While most Drosophila species harbor a single Esf2/ABP1 gene copy, the D. melanogaster genome contains multiple paralogs according to our and previously published data [40]. To facilitate subsequent analysis, we introduced new designations for them (Table 1). We defined the parental paralog CG32708 as cuckoo because its daughter copies have been scattered at different locations of the X chromosome. Both duplicated copies in cluster 1, CG23706 and CG6999, were named as chaffinch 1 and chaffinch 2, correspondingly. We defined the single paralog CG10993 in cluster 2 as brambling. Tandem amplified copies in cluster 3 were named as woodpeckers (woodpecker 1, woodpecker 2,…, woodpecker 21), as mentioned above.
To detect signatures of sequence evolution in Esf2/ABP1 homologs of D. melanogaster, we performed the codon-based Z-test that estimates the ratios of synonymous and nonsynonymous divergence between analyzed genes and close orthologs of D. simulans (Table S3). We found that purifying selection maintains the parental copy, cuckoo.

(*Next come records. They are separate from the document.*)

(* The bound K is only needed to know that the supremum is finite. *)
Lemma opnorm_ge K c x0 : 0 <= K ->
  (forall x, sqnorm (A *m x) <= K ^+ 2 * sqnorm x) ->
  0 <= c -> 0 < sqnorm x0 -> c ^+ 2 * sqnorm x0 <= sqnorm (A *m x0) ->
  c <= opnorm A.
Proof.
move=> K0 hA c0 x0_gt0 hx0.
set a := (Num.sqrt (sqnorm x0))^-1.
have ub : has_ubound unit_image by exists K; exact: opnorm_ubound.
have in_image : unit_image (vnorm (A *m (a *: x0))).
  by exists (a *: x0) => //; exact: normalize_unit.
apply: le_trans (ub_le_sup ub in_image).
have a2 : a ^+ 2 * sqnorm x0 = 1.
  by rewrite -sqnormZ -(sqr_sqrtr (sqnorm_ge0 _)) -vnormE normalize_unit ?expr1n.
rewrite vnormE -scalemxAr sqnormZ -(ger0_norm c0) -sqrtr_sqr.
rewrite ler_sqrt; last by rewrite mulr_ge0 ?sqr_ge0 ?sqnorm_ge0.
by have := ler_wpM2l (sqr_ge0 a) hx0; rewrite mulrCA a2 mulr1.
Qed.

End OperatorNorm.

Definition l2sq {R : realType} {T : finType} (v : T -> R) : R := \sum_t v t ^+ 2.

Definition kapply {R : realType} {G : finType} (P : G -> G -> R) (v : G -> R) (k : G) : R :=
  \sum_l P k l * v l.

Section Kernels.
Variable R : realType.

Lemma l2sq_gt0 (T : finType) (v : T -> R) t0 : v t0 != 0 -> 0 < l2sq v.
Proof.
move=> vt0; rewrite /l2sq (bigD1 t0) //= ltr_pwDl ?sumr_ge0 //.
  by rewrite lt_def sqr_ge0 sqrf_eq0 vt0.
by move=> t _; rewrite sqr_ge0.
Qed.

(* Jensen's inequality for the square, with weights of total mass <= 1:
   it is the nonnegativity of the weighted variance. *)
Lemma weighted_sq_le (I : finType) (w v : I -> R) :
  (forall i, 0 <= w i) -> \sum_i w i <= 1 ->
  (\sum_i w i * v i) ^+ 2 <= \sum_i w i * v i ^+ 2.
Proof.
move=> w0 w1; set a := \sum_i w i * v i; set s := \sum_i w i.
have var_ge0 : 0 <= \sum_i w i * (v i - a) ^+ 2.
  by apply: sumr_ge0 => i _; rewrite mulr_ge0 ?sqr_ge0.
have var_eq : \sum_i w i * (v i - a) ^+ 2
   = \sum_i w i * v i ^+ 2 - 2 * a * a + a ^+ 2 * s.
  transitivity (\sum_i (w i * v i ^+ 2 - (2 * a) * (w i * v i) + a ^+ 2 * w i)).
    by apply: eq_bigr => i _; ring.
  by rewrite big_split /= sumrB -!mulr_sumr.
have mass_le : a ^+ 2 * s <= a ^+ 2 by rewrite ler_piMr ?sqr_ge0.
move: var_ge0; rewrite var_eq -mulrA -expr2; lra.
Qed.

Variables (G : finType) (P : G -> G -> R).

(* A nonnegative kernel with row and column sums at most 1 is an
   l2-contraction: Jensen in each row, then sum the columns. *)
Lemma kapply_contraction :
  (forall k l, 0 <= P k l) -> (forall k, \sum_l P k l <= 1) ->
  (forall l, \sum_k P k l <= 1) ->
  forall v, l2sq (kapply P v) <= l2sq v.
Proof.
move=> P0 rows cols v.
apply: (@le_trans _ _ (\sum_k \sum_l P k l * v l ^+ 2)).
  by apply: ler_sum => k _; apply: weighted_sq_le.
rewrite exchange_big /=; apply: ler_sum => l _.
by rewrite -mulr_suml ler_piMl ?sqr_ge0.
Qed.

Lemma kapply_const : (forall k, \sum_l P k l = 1) ->
  forall c k, kapply P (fun=> c) k = c.
Proof. by move=> rows c k; rewrite /kapply -mulr_suml rows mul1r. Qed.
(* The entries of a product are finite sums of products of shifted entries. *)
Lemma asymp_toeplitz_mul {G : CAGroup} (x1 : G) a b :
  asymp_toeplitz x1 a -> asymp_toeplitz x1 b -> asymp_toeplitz x1 (mmul a b).
Proof.
  intros [Wa [Na [Fa [Ha [Hca Hea]]]]] [Wb [Nb [Fb [Hb [Hcb Heb]]]]].
  set (T := fun t : nat => (Z.of_nat t - Z.of_nat Wb)%Z).
  exists (Wa + Wb)%nat, (Na + Nb + Wb)%nat,
    (fun z y => csumf (fun t => Cmul (Fa (z - T t)%Z (gadd y (zmul (T t) x1))) (Fb (T t) y)) (Wb + Wb + 1)).
  split; [|split].
  - apply banded_mul; auto.
  - intros z. apply (contR_csumf (fun t y => Cmul (Fa (z - T t)%Z (gadd y (zmul (T t) x1))) (Fb (T t) y))).
    intros t. apply contR_mul; auto. apply contR_trans; auto.
  - intros i j Hi Hj. rewrite (mmul_band_r a b Wb (j - Wb + (Wb + Wb + 1))) by (auto; lia).
    rewrite csumf_split. rewrite csumf_zero.
    2: { intros l Hl. rewrite Hb by lia. ceq. }
    transitivity (csumf (fun t => Cmul (a i (j - Wb + t)%nat) (b (j - Wb + t)%nat j)) (Wb + Wb + 1)).
    { apply CC_ext; csimpl; ring. }
    apply csumf_ext. intros t Ht. rewrite Hea, Heb by lia. f_equal.
    + f_equal. unfold T. lia. rewrite (nmul_diff x1 (j - Wb + t) j). f_equal. f_equal. unfold T. lia.
    + f_equal. unfold T. lia.
Qed.

Lemma asymp_toeplitz_all {G : CAGroup} (x1 : G) b : star_alg (genA x1) b -> asymp_toeplitz x1 b.
Proof.
  induction 1.
  - destruct H as [->|[f [Hf ->]]]. apply asymp_toeplitz_U. apply asymp_toeplitz_M; auto.
  - apply asymp_toeplitz_add; auto.
  - apply asymp_toeplitz_scal; auto.
  - apply asymp_toeplitz_mul; auto.
  - apply asymp_toeplitz_adj; auto.
Qed.

Lemma asymp_toeplitz_subdiag {G : CAGroup} (x1 : G) b : asymp_toeplitz x1 b ->
  exists N (F : G -> CC), contR F /\ forall k, (N <= k)%nat -> b (S k) k = F (nmul k x1).
Proof.
  intros [W [N [F [_ [HF HE]]]]]. exists N, (F 1%Z). split; auto.
  intros k Hk. rewrite HE by lia. f_equal. lia.
Qed.

(** * Means modulo bounded coboundaries

   A real sequence b has mean c modulo bounded coboundaries if, for every eps, b - c is
   eps-close to a discrete coboundary h(k+1) - h(k) of a bounded sequence h.  Such a
   mean is unique, and depends 1-Lipschitz on b in the sup norm: summing over n terms,
   n (c - c') is controlled by n sup|b - b'| plus the bounded boundary terms. *)

Definition cob_mean (b : nat -> R) (c : R) : Prop :=
  forall eps, eps > 0 -> exists (h : nat -> R) (B : R), (forall k, Rabs (h k) <= B) /\
    forall k, Rabs (b k - c - (h (S k) - h k)) <= eps.

Lemma nonpos_of_linear_bound (x K : R) : (forall n, INR n * x <= K) -> x <= 0.
Proof.
  intros H. apply Rnot_lt_le. intros Hx.
  destruct (INR_archimed x K ltac:(lra)) as [n Hn]. specialize (H n). lra.
Qed.

Lemma telescope_bound (a h : nat -> R) eps :
  (forall k, Rabs (a k - (h (S k) - h k)) <= eps) ->
  forall n, Rabs (rsum a n - (h n - h 0%nat)) <= INR n * eps.
Proof.
  intros H n. induction n; cbn [rsum].
  - simpl. replace (0 - (h 0%nat - h 0%nat)) with 0 by ring. rewrite Rabs_R0. lra.
  - rewrite S_INR. specialize (H n).
    replace (rsum a n + a n - (h (S n) - h 0%nat))
      with ((rsum a n - (h n - h 0%nat)) + (a n - (h (S n) - h n))) by ring.
    eapply Rle_trans. apply Rabs_triang. lra.
Qed.

Lemma cob_mean_close b b' c c' delta : cob_mean b c -> cob_mean b' c' ->
  (forall k, Rabs (b k - b' k) <= delta) -> Rabs (c - c') <= delta.
Proof.
  intros Hb Hb' Hd. apply Rle_plus_epsilon. intros e He.
  destruct (Hb (e / 2) ltac:(lra)) as [h [B [HB Hh]]].
  destruct (Hb' (e / 2) ltac:(lra)) as [h' [B' [HB' Hh']]].
  set (a := fun k => (b k - b' k) - (c - c')).
  set (g := fun k => h k - h' k).
  assert (Hag : forall k, Rabs (a k - (g (S k) - g k)) <= e).
  { intros k. unfold a, g.
    replace (b k - b' k - (c - c') - (h (S k) - h' (S k) - (h k - h' k)))
      with ((b k - c - (h (S k) - h k)) - (b' k - c' - (h' (S k) - h' k))) by ring.
    unfold Rminus at 1. eapply Rle_trans. apply Rabs_triang. rewrite Rabs_Ropp.
    specialize (Hh k). specialize (Hh' k). lra. }
  apply Rminus_le. apply (nonpos_of_linear_bound _ (2 * (B + B'))). intros n.
  pose proof (telescope_bound a g e Hag n) as T.
  assert (Hsum : rsum a n = rsum (fun k => b k - b' k) n - INR n * (c - c')).
  { unfold a. rewrite rsum_sub, rsum_const. reflexivity. }
  pose proof (rsum_abs_le (fun k => b k - b' k) n delta Hd) as Hs.
  assert (Hg : Rabs (g n - g 0%nat) <= 2 * (B + B')).
  { unfold g. replace (h n - h' n - (h 0%nat - h' 0%nat)) with (h n + - h 0%nat + (- h' n + h' 0%nat)) by ring.
    eapply Rle_trans. apply Rabs_triang. eapply Rle_trans. apply Rplus_le_compat; apply Rabs_triang.
    rewrite !Rabs_Ropp. pose proof (HB n). pose proof (HB 0%nat). pose proof (HB' n). pose proof (HB' 0%nat). lra. }
  assert (Hn : INR n * Rabs (c - c') <= INR n * delta + 2 * (B + B') + INR n * e).
  { rewrite <- (Rabs_pos_eq (INR n)) at 1 by apply pos_INR. rewrite <- Rabs_mult.
    replace (INR n * (c - c')) with (rsum (fun k => b k - b' k) n - (rsum a n - (g n - g 0%nat)) - (g n - g 0%nat))
      by (rewrite Hsum; ring).
    eapply Rle_trans. unfold Rminus at 1. apply Rabs_triang. rewrite Rabs_Ropp.
    eapply Rle_trans. apply Rplus_le_compat_r. unfold Rminus at 1. apply Rabs_triang. rewrite Rabs_Ropp. lra. }
  lra.
Qed.

Lemma cob_mean_unique b c c' : cob_mean b c -> cob_mean b c' -> c = c'.
Proof.
  intros H H'. pose proof (cob_mean_close b b c c' 0 H H') as E.
  assert (Rabs (c - c') <= 0) by (apply E; intros; rewrite Rminus_diag, Rabs_R0; lra).
  pose proof (Rabs_pos (c - c')). apply Rminus_diag_uniq. destruct (Req_dec (c - c') 0) as [|Hne]; auto. apply Rabs_pos_lt in Hne. lra.
Qed.

Definition dl (n : nat) : R := / INR (S n).

Lemma dl_pos n : dl n > 0.
Proof. unfold dl. apply Rinv_0_lt_compat, lt_0_INR; lia. Qed.
Lemma dl_mono n m : (n <= m)%nat -> dl m <= dl n.
Proof. intros. unfold dl. apply Rinv_le_contravar. apply lt_0_INR; lia. apply le_INR; lia. Qed.

Lemma dl_small eps : eps > 0 -> exists n, dl n <= eps.
Proof.
  intros He. destruct (INR_unbounded (/ eps)) as [n Hn]. exists n. unfold dl.
  rewrite S_INR. pose proof (pos_INR n).
  apply (Rmult_le_reg_l (INR n + 1)). lra. rewrite Rinv_r by lra.
  apply (Rmult_le_reg_r (/ eps)). apply Rinv_0_lt_compat; lra.
  rewrite Rmult_assoc, Rinv_r by lra. lra.
Qed.

Lemma dl_eventually_small eps : eps > 0 -> exists J, forall n, (J <= n)%nat -> 2 * dl n <= eps.
Proof.
  intros He. destruct (dl_small (eps / 2)) as [J HJ]. lra. exists J. intros n Hn.
  pose proof (dl_mono J n Hn). lra.
Qed.

Lemma cauchy_limit_rate (u : nat -> R) :
  (forall n m, Rabs (u n - u m) <= dl n + dl m) -> exists l, forall n, Rabs (u n - l) <= dl n.
Proof.
  intros Hu.
  assert (Hc : Cauchy_crit u).
  { intros eps He. destruct (dl_small (eps / 4)) as [N HN]. lra.
    exists N. intros n m Hn Hm. unfold R_dist. eapply Rle_lt_trans. apply Hu.
    pose proof (dl_mono N n Hn). pose proof (dl_mono N m Hm). lra. }
  destruct (R_complete u Hc) as [l Hl]. exists l. intros n.
  apply Rnot_lt_le. intro Hlt. set (gap := Rabs (u n - l) - dl n).
  destruct (dl_small (gap / 2)) as [m0 Hm0]. unfold gap; lra.
  destruct (Hl (gap / 2)) as [N HN]. unfold gap; lra.
  specialize (HN (m0 + N)%nat ltac:(lia)). unfold R_dist in HN.
  pose proof (Hu n (m0 + N)%nat). pose proof (dl_mono m0 (m0 + N) ltac:(lia)).
  assert (Rabs (u n - l) <= Rabs (u n - u (m0 + N)%nat) + Rabs (u (m0 + N)%nat - l)).
  { replace (u n - l) with ((u n - u (m0 + N)%nat) + (u (m0 + N)%nat - l)) by ring. apply Rabs_triang. }
  unfold gap in *. lra.
Qed.

Definition ccob_mean (b : nat -> CC) (c : CC) : Prop :=
  cob_mean (fun k => fst (b k)) (fst c) /\ cob_mean (fun k => snd (b k)) (snd c).

Lemma ccob_mean_unique b c c' : ccob_mean b c -> ccob_mean b c' -> c = c'.
Proof.
  intros [H1 H2] [H1' H2']. apply CC_ext; eapply cob_mean_unique; eauto.
Qed.

Lemma ccob_mean_shift b c e : ccob_mean b c -> ccob_mean (fun k => Cadd (b k) e) (Cadd c e).
Proof.
  intros [H1 H2]. split; intros eps He;
    [destruct (H1 eps He) as [h [B [HB Hh]]]|destruct (H2 eps He) as [h [B [HB Hh]]]];
    exists h, B; split; auto; intros k; unfold Cadd; simpl;
    [replace (fst (b k) + fst e - (fst c + fst e)) with (fst (b k) - fst c) by ring
    |replace (snd (b k) + snd e - (snd c + snd e)) with (snd (b k) - snd c) by ring]; auto.
Qed.

(** For the existence part the coboundaries must come from sequences h that define
   diagonal elements of A: h(k) = H(x_k) + e(k) with H continuous on G and e
   eventually constant ([regular_seq]). *)

Definition regular_seq {G : CAGroup} (x1 : G) (h : nat -> CC) : Prop :=
  exists (H : G -> CC) (e : nat -> CC) (N : nat), contR H /\ (forall k, (N <= k)%nat -> e k = e N) /\
    forall k, h k = Cadd (H (nmul k x1)) (e k).

Definition cob_err (b : nat -> CC) (c : CC) (h : nat -> CC) (k : nat) : CC :=
  Csub (Csub (b k) c) (Csub (h (S k)) (h k)).

Lemma cob_err_fst b c h k : fst (cob_err b c h k) = fst (b k) - fst c - (fst (h (S k)) - fst (h k)).
Proof. unfold cob_err, Csub, Cadd, Copp; simpl; ring. Qed.
Lemma cob_err_snd b c h k : snd (cob_err b c h k) = snd (b k) - snd c - (snd (h (S k)) - snd (h k)).
Proof. unfold cob_err, Csub, Cadd, Copp; simpl; ring. Qed.

Definition reg_cob_mean {G : CAGroup} (x1 : G) (b : nat -> CC) (c : CC) : Prop :=
  forall eps, eps > 0 -> exists h, regular_seq x1 h /\ forall k,
    Rabs (fst (cob_err b c h k)) <= eps /\ Rabs (snd (cob_err b c h k)) <= eps.

Lemma regular_seq_bounded {G : CAGroup} (x1 : G) h : regular_seq x1 h ->
  exists R, forall k, Rabs (fst (h k)) <= R /\ Rabs (snd (h k)) <= R.
Proof.
  intros [H [e [N [HH [He Hh]]]]].
  destruct (cont_bounded H HH) as [SS [HS0 HS]].
  set (E := rsum (fun k => Rabs (fst (e k)) + Rabs (snd (e k))) (S N)).
  assert (HE : forall k, (k <= N)%nat -> Rabs (fst (e k)) <= E /\ Rabs (snd (e k)) <= E).
  { intros k Hk. unfold E.
    assert (Rabs (fst (e k)) + Rabs (snd (e k)) <= rsum (fun k => Rabs (fst (e k)) + Rabs (snd (e k))) (S N)).
    { eapply Rle_trans; [|apply (rsum_mono_n _ (S k) (S N)); [intros; pose proof (Rabs_pos (fst (e i))); pose proof (Rabs_pos (snd (e i))); lra|lia]].
      simpl. assert (0 <= rsum (fun k => Rabs (fst (e k)) + Rabs (snd (e k))) k).
      { apply rsum_nonneg. intros; pose proof (Rabs_pos (fst (e i))); pose proof (Rabs_pos (snd (e i))); lra. }
      lra. }
    pose proof (Rabs_pos (fst (e k))). pose proof (Rabs_pos (snd (e k))). lra. }
  exists (SS + E). intros k. rewrite Hh. unfold Cadd; simpl.
  destruct (HS (nmul k x1)).
  assert (Rabs (fst (e k)) <= E /\ Rabs (snd (e k)) <= E).
  { destruct (le_lt_dec k N). auto. rewrite He by lia. auto. }
  destruct H2. split; eapply Rle_trans; try apply Rabs_triang; lra.
Qed.

Lemma reg_cob_mean_ccob {G : CAGroup} (x1 : G) b c : reg_cob_mean x1 b c -> ccob_mean b c.
Proof.
  intros Hb. split; intros eps He; destruct (Hb eps He) as [h [Hh Herr]];
    destruct (regular_seq_bounded x1 h Hh) as [B HB].
  - exists (fun k => fst (h k)), B. split; [intros k; apply HB|].
    intros k. rewrite <- cob_err_fst. apply Herr.
  - exists (fun k => snd (h k)), B. split; [intros k; apply HB|].
    intros k. rewrite <- cob_err_snd. apply Herr.
Qed.

Lemma reg_cob_mean_close {G : CAGroup} (x1 : G) b b' c c' delta :
  reg_cob_mean x1 b c -> reg_cob_mean x1 b' c' ->
  (forall k, Rabs (fst (b k) - fst (b' k)) <= delta /\ Rabs (snd (b k) - snd (b' k)) <= delta) ->
  Rabs (fst c - fst c') <= delta /\ Rabs (snd c - snd c') <= delta.
Proof.
  intros Hb Hb' Hd.
  destruct (reg_cob_mean_ccob x1 b c Hb) as [H1 H2].
  destruct (reg_cob_mean_ccob x1 b' c' Hb') as [H1' H2'].
  split; [apply (cob_mean_close _ _ _ _ _ H1 H1')|apply (cob_mean_close _ _ _ _ _ H2 H2')];
    intros k; apply Hd.
Qed.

In relation to other duplicated copies in all three genomic locations, we did not find significant deviations from neutral evolution.

3.3. Protein domain search in Esf2/ABP1 proteins

To detect potential innovations and functional sequence divergence in duplicated copies, we performed a search and comparison of known protein domains across Esf2/ABP1 homologs. Domain prediction for Esf2/ABP1 proteins of the melanogaster subgroup revealed that they shared with high e-value the RRM (RNA recognition motif) ABT1-like domain (domain found in activator of basal transcription 1) (Figure 5, Figure S2) that has been firstly described for the Esf2/ABP1 family [7]. The most striking divergence occurred within the species of the simulans clade with duplicated copies embedded in the intron of InaE gene (cluster 2). The insertion of the duplicated copy into the intron of the unrelated gene was supplemented by duplication of extended internal fragment, providing a second RRM ABT1-like domain in these proteins (Figure 5, Figure S2). We did not observe an intragenic duplication for the orthologous Brambling protein of D. melanogaster, indicating that the emergence and fixation of this whole-domain duplication occurred after the splitting of D. melanogaster from their common ancestor. All proteins analyzed also contain predicted Intrinsically Disordered Regions (IDRs) (with length from 39 aa to 109 aa); however, the overall disorder score for these proteins does not reach a high level (less than 50% of total length, from 19.5% to 41.7%) (Figure 5).
Protein domain determination for Esf2/ABP1 proteins of the suzukii subgroup revealed that all Esf2/ABP1 homologs retain the RRM ABT1-like domain near their C-termini (Figure 6, Figure S2). In addition, they contain extended continuous (in the range of 88 aa to 759 aa) IDRs at their N-termini (Figure 6). All of them have the overall disorder score equal to or exceeding 50% of the total length. Two proteins, LOC119556661 of D. subpulchrella and LOC108023671 of D. biarmipes, achieved strongly increased relative size (up to 80% of the whole length) of their continuous IDRs due to multiple intragenic tandem duplications in these regions (Figure 6, Figure S3). Thus, the divergence pattern of duplicated Esf2/ABP1 genes in the suzukii subgroup is significantly different from that of the melanogaster subgroup duplicated orthologs. A gain of IDRs for duplicated copies is currently considered as a mechanism of the acquisition of new interaction partners and can reflect a putative new functional role [49,50].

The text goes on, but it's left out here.